<<<<

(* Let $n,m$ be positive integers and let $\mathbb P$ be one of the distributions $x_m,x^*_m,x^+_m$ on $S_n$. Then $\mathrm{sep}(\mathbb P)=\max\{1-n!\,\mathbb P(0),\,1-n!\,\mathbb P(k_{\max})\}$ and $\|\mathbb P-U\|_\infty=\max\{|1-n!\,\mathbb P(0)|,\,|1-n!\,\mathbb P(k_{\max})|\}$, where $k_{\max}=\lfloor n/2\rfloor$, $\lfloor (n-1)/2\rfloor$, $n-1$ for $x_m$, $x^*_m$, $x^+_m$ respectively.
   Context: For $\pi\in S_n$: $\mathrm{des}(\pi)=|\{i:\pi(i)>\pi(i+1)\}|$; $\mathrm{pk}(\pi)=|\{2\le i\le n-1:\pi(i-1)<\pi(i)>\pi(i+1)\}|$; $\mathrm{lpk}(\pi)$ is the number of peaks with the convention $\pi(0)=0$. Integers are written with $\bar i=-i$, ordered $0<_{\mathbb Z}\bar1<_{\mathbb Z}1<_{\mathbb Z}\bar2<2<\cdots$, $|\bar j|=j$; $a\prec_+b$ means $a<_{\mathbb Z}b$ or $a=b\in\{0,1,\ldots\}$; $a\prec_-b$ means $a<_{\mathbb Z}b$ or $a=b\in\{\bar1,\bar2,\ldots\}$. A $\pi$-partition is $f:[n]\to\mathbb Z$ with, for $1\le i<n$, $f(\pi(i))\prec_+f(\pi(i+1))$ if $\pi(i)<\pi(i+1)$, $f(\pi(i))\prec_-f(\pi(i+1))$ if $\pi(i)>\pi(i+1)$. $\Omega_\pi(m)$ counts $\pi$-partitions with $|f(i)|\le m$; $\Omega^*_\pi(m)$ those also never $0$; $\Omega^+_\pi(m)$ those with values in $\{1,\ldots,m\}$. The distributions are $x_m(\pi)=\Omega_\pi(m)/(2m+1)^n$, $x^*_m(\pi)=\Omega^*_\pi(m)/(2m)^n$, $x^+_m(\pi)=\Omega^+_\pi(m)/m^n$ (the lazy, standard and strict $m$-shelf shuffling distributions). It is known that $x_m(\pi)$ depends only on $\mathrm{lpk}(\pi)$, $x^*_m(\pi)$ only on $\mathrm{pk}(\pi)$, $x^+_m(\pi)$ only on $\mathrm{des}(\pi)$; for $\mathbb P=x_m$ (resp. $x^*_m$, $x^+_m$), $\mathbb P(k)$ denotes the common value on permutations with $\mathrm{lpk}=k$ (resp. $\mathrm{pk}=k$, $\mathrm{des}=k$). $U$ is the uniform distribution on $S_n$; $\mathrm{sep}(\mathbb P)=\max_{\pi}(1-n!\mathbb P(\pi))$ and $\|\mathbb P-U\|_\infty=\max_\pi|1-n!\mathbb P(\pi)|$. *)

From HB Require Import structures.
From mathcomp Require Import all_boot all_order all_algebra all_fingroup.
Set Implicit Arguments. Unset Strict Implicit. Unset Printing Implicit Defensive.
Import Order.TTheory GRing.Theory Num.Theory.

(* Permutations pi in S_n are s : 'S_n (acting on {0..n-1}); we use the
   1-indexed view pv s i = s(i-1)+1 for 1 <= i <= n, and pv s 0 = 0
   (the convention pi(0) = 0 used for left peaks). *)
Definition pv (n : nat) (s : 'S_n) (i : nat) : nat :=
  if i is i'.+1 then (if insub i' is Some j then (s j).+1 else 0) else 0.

>>>>

__HOW TO COMPLETE THIS TASK__
Please copy every line from the entries that includes the word "Require".

__EXERCISE SOLUTION__
From HB Require Import structures.
From mathcomp Require Import all_boot all_order all_algebra all_fingroup.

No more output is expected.